Хаббард приступил к рассмотрению бесконечного числа точек, составляющих плоскость. Его компьютер переходил от точки к точке, применял метод Ньютона к каждой из них и раскрашивал ее в зависимости от результата. Те начальные точки, которые вели к первому решению, были отмечены синим, точки, генерировавшие второе решение, – красным, а те, что давали третий результат, – зеленым. Математик заметил, что в самом грубом приближении динамика метода Ньютона действительно делила плоскость на три сектора. Как правило, точки, близкие к определенному решению, быстро вели прямо к нему. Тем не менее систематическое компьютерное исследование выявило сложную скрытую организацию, недоступную математикам прошлого, которым под силу было лишь изучить несколько точек тут и там. В то время как некоторые начальные точки быстро приводили к одному из корней, другие словно «прыгали» рядом с ним совершенно произвольно, пока не приближались наконец к решению. Иногда казалось, что точка может стать началом периодического цикла, который будет повторяться бесконечно, не достигая ни одного из трех возможных корней.
Когда Хаббард запустил компьютер, намереваясь более детально исследовать пространство, начала вырисовываться картина, которая сбила с толку и преподавателя, и его студентов. Например, вместо аккуратного «гребня» между синей и красной долинами математик увидел пятна зеленого цвета, соединенные словно бусины ожерелья. Это выглядело так, будто шарик, попавший в ловушку на стыке двух соседних долин, остановился в третьей, самой отдаленной. Граница между двумя цветами никогда не формировалась полностью, и при увеличении линия между зеленым пятном и синей областью включала в себя вкрапления красного цвета[287]

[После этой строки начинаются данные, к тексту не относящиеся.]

Lemma qPochhammerS x n : qPochhammer x n.+1 = qPochhammer x n * (1 - x * q ^+ n).
Proof. by rewrite /qPochhammer big_ord_recr. Qed.

Lemma qPochhammer_q n : qPochhammer q n = qfact n.
Proof.
by elim: n => [|n IHn]; rewrite ?qPochhammer0 ?qfact0 // qPochhammerS qfactS IHn exprS.
Qed.

Lemma qPochhammer_qXS a b : qfact a * qPochhammer (q ^+ a.+1) b = qfact (a + b).
Proof.
elim: b => [|b IHb]; first by rewrite qPochhammer0 mulr1 addn0.
by rewrite qPochhammerS addnS qfactS -IHb -exprD addSn mulrA.
Qed.

Lemma qPochhammer_eq0 x n s : (s < n)%N -> x * q ^+ s = 1 -> qPochhammer x n = 0.
Proof.
move=> lt_sn xqs1; rewrite /qPochhammer (bigD1 (Ordinal lt_sn)) //=.
by rewrite xqs1 subrr mul0r.
Qed.

Lemma qbinom_gt n m : (n < m)%N -> qbinom n m = 0.
Proof. by rewrite /qbinom ltnNge => /negbTE ->. Qed.

(* The [u] of the statement is [hexu tq]; [j'] does not occur, the balance condition
   determines it. *)
Definition hexu (j i j' i' j'' i'' : nat) : F :=
  qfact (i + j) / (qfact i * qfact i' * qfact i'' * qfact j * qfact j'') *
  \sum_(m < (minn i i').+1)
     (qPochhammer (q ^- i) m * qPochhammer (q ^- i') m)
       / (qPochhammer q m * qPochhammer (q ^- (i + j)) m) * q ^+ (m * (i'' + 1)).

Definition hexu_coef j' i' i'' j'' m : F :=
  (-1) ^+ m * q ^+ (m * j' + 'C(m.+1, 2)) / (qfact m * qfact (i' - m) * qfact i'' * qfact j'').

Definition hexcoef j i j' i' j'' i'' k l : F :=
  if [&& k + i' == l + j, k + i'' == l + j', k + i == l + j''
       & k <= minn j (minn j' j'')]%N
  then q ^+ (k * l) / (qfact k * qfact l * qfact (j - k) * qfact (j' - k) * qfact (j'' - k))
  else 0.

Definition hexsum N j i j' i' j'' i'' : F :=
  \sum_(k < N) \sum_(l < N) hexcoef j i j' i' j'' i'' k l.

Lemma hexcoef_rot j i j' i' j'' i'' k l :
  hexcoef i j' i' j'' i'' j k l = hexcoef j i j' i' j'' i'' l k.
Proof.
rewrite /hexcoef; have [/and4P[/eqP e1 /eqP e2 /eqP e3 le_k] | ] := boolP [&& _, _, _ & _].
  rewrite ifT; last by apply/and4P; split; lia.
  rewrite [(l * k)%N]mulnC (_ : (i - k = j'' - l)%N) 1?(_ : (i' - k = j - l)%N)
    1?(_ : (i'' - k = j' - l)%N); try lia.
  by congr (_ / _); ring.
move=> cond; rewrite ifF //; apply: (contraNF _ cond) => /and4P[/eqP ? /eqP ? /eqP ? ?].
by apply/and4P; split; lia.
Qed.

Lemma hexcoef_flip j i j' i' j'' i'' k l :
  hexcoef j'' i' j' i j i'' k l = hexcoef j i j' i' j'' i'' k l.
Proof.
rewrite /hexcoef.
have -> : [&& k + i == l + j'', k + i'' == l + j', k + i' == l + j
            & k <= minn j'' (minn j' j)]%N =
          [&& k + i' == l + j, k + i'' == l + j', k + i == l + j''
            & k <= minn j (minn j' j'')]%N.
  by apply/and4P/and4P => -[/eqP ? /eqP ? /eqP ? ?]; split; try apply/eqP; lia.
by case: ifP => // _; congr (_ / _); ring.
Qed.

Lemma hexsum_rot N j i j' i' j'' i'' :
  hexsum N i j' i' j'' i'' j = hexsum N j i j' i' j'' i''.
Proof.
rewrite /hexsum exchange_big; apply: eq_bigr => l _; apply: eq_bigr => k _.
exact: hexcoef_rot.
Qed.

Lemma hexsum_flip N j i j' i' j'' i'' :
  hexsum N j'' i' j' i j i'' = hexsum N j i j' i' j'' i''.
Proof.
by apply: eq_bigr => k _; apply: eq_bigr => l _; apply: hexcoef_flip.
Qed.

Hypothesis q_neq0 : q != 0.
Hypothesis qXn_neq1 : forall n, (0 < n)%N -> q ^+ n != 1.

Lemma expqzD a b : q ^ (a + b) = q ^ a * q ^ b.
Proof. exact: expfzDr. Qed.

Lemma expqz_neq0 z : q ^ z != 0.
Proof. exact: expfz_neq0. Qed.

Lemma subr1qXn_neq0 n : (0 < n)%N -> 1 - q ^+ n != 0.
Proof. by move=> n_gt0; rewrite subr_eq0 eq_sym qXn_neq1. Qed.

Lemma qfact_neq0 n : qfact n != 0.
Proof.
by elim: n => [|n IHn]; rewrite ?qfact0 ?oner_neq0 // qfactS mulf_neq0 ?subr1qXn_neq0.
Qed.

Lemma qbinom0 n : qbinom n 0 = 1.
Proof. by rewrite /qbinom subn0 qfact0 mul1r divff ?qfact_neq0. Qed.

Lemma qbinomnn n : qbinom n n = 1.
Proof. by rewrite /qbinom leqnn subnn qfact0 mulr1 divff ?qfact_neq0. Qed.

Lemma qbinomSS n k :
  qbinom n.+1 k.+1 = q ^ (n%:Z - k%:Z) * qbinom n k + qbinom n k.+1.
Proof.
case: (ltngtP k n) => [lt_kn | lt_nk | ->]; last first.
- by rewrite !qbinomnn qbinom_gt // subrr mulr1 addr0.
- by rewrite !qbinom_gt ?mulr0 ?add0r // ltnW.
have [d ->] : exists d, n = (k + d.+1)%N by exists (n - k.+1)%N; lia.
rewrite /qbinom !ifT; try lia.
rewrite subSS addKn (_ : (k + d.+1 - k.+1 = d)%N); last by lia.
have -> : (k + d.+1)%:Z - k%:Z = d.+1%:Z by lia.
rewrite !qfactS (_ : ((k + d.+1).+1 = k.+1 + d.+1)%N) ?exprD; last by lia.
rewrite -[q ^ d.+1]/(q ^+ d.+1).
field; rewrite ?qfact_neq0 ?subr1qXn_neq0 //.
Qed.

Lemma expqzB a b : q ^ (a - b) = q ^ a / q ^ b.
Proof. by rewrite expqzD invr_expz. Qed.

Lemma qbinom_vandermonde a N n :
  \sum_(k < n.+1) q ^ (k%:Z * (k%:Z + N%:Z - n%:Z)) * qbinom a k * qbinom N (n - k)
  = qbinom (a + N) n.
Proof.
elim: a n => [|a IHa] n.
  rewrite big_ord_recl big1 => [|k _]; last by rewrite qbinom_gt ?mulr0 ?mul0r.
  by rewrite /= mul0r expr0z qbinom0 subn0 !mul1r addr0.
case: n => [|n]; first by rewrite big_ord1 /= mul0r expr0z !qbinom0 !mul1r.
rewrite big_ord_recl /= mul0r expr0z qbinom0 subn0 !mul1r.
under eq_bigr => k _ do rewrite /bump /= add1n subSS qbinomSS mulrDr mulrDl.
rewrite big_split /= addrCA.
have -> : qbinom N n.+1 + \sum_(k < n.+1) q ^ (k.+1%:Z * (k.+1%:Z + N%:Z - n.+1%:Z)) *
    qbinom a k.+1 * qbinom N (n - k) = qbinom (a + N) n.+1.
  rewrite -IHa [RHS]big_ord_recl /= mul0r expr0z qbinom0 subn0 !mul1r.
  by congr (_ + _); apply: eq_bigr => k _; rewrite /bump /= add1n subSS.
have -> : \sum_(k < n.+1) q ^ (k.+1%:Z * (k.+1%:Z + N%:Z - n.+1%:Z)) *
    (q ^ (a%:Z - k%:Z) * qbinom a k) * qbinom N (n - k)
    = q ^ (a%:Z + N%:Z - n%:Z) * qbinom (a + N) n.
  rewrite -IHa mulr_sumr; apply: eq_bigr => k _.
  by rewrite !mulrA -!expqzD; congr (q ^ _ * _ * _); lia.
by rewrite addSn qbinomSS; congr (q ^ _ * _ + _); lia.
Qed.

Lemma qPochhammer_binomial x n :
  qPochhammer x n = \sum_(m < n.+1) (-1) ^+ m * q ^ 'C(m, 2)%:Z * qbinom n m * x ^+ m.
Proof.
elim: n => [|n IHn]; first by rewrite qPochhammer0 big_ord1 qbinom0 /= !mul1r.
pose T n m := (-1) ^+ m * q ^ 'C(m, 2)%:Z * qbinom n m * x ^+ m.
have T_split (m : 'I_n.+1) : T n.+1 (lift ord0 m) = - (x * q ^+ n) * T n m + T n m.+1.
  rewrite /T lift0 qbinomSS.
  have -> : q ^ (n%:Z - m%:Z) = q ^+ n * q ^ 'C(m, 2)%:Z / q ^ 'C(m.+1, 2)%:Z.
    by rewrite -[q ^+ n]/(q ^ n%:Z) -expqzD -expqzB binS bin1; congr (q ^ _); lia.
  rewrite !exprS; field; exact: expqz_neq0.
have sumT : \sum_(m < n.+1) T n m.+1 = \sum_(m < n.+1) T n m - T n 0.
  rewrite big_ord_recr /= {2}/T qbinom_gt // mulr0 mul0r addr0.
  by rewrite [in RHS]big_ord_recl /= addrC addKr.
change (qPochhammer x n = \sum_(m < n.+1) T n m) in IHn.
change (qPochhammer x n.+1 = \sum_(m < n.+2) T n.+1 m).
rewrite qPochhammerS IHn [RHS]big_ord_recl.
rewrite (eq_bigr _ (fun m _ => T_split m)) big_split /=.
by rewrite -mulr_sumr sumT /T /= !qbinom0; ring.
Qed.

. И так повторялось снова и снова. Линия границы в конце концов открыла Хаббарду особое свойство, которое показалось бы весьма странным даже человеку, знакомому с жуткими фракталами Мандельброта: ни одна из точек не разделяет только два цвета. Где бы два цвета ни старались соединиться, там всегда появляется третий, порождая целые ряды самоподобных проникновений. Непостижимо, но каждую пограничную точку окаймляли зоны всех трех цветов.Бесконечно сложные границы. Когда пирог разделен на три части, все эти части соприкасаются разом только в одной точке, а границы между любыми двумя из них выглядят простыми. Но многие процессы в абстрактной математике и физике реального мира создают невообразимо сложные границы. На представленном слева вверху рисунке метод Ньютона, примененный для нахождения кубического корня из
1, делит плоскость на три равные части, одна из которых закрашена белым. Все белые точки «притягиваются» к корню, лежащему в самой большой белой части; все черные точки «притягиваются» к одному из двух других корней. У границы есть особое свойство: каждая точка на ней граничит со всеми тремя частями. И, как показывают рисунки справа и внизу, при увеличении фрагменты этой границы обнаруживают фрактальную структуру, повторяющую основной рисунок во все меньшем и меньшем масштабе.Хаббард начал изучать обнаруженные сложные формы и обдумывать значение этого открытия для математики. В результате его работа, а также исследования коллег ознаменовали собой новую попытку разрешить проблемы динамических систем. Ученому стало ясно, что изображения, построенные с помощью метода Ньютона, принадлежат целому семейству еще не открытых изображений, отражающих действия сил в реальном мире. Майкл Барнсли столкнулся с другими фрагментами такого же рода, а Бенуа Мандельброт, как вскоре поняли и Хаббард, и Барнсли, обнаружил прародителя всех этих форм.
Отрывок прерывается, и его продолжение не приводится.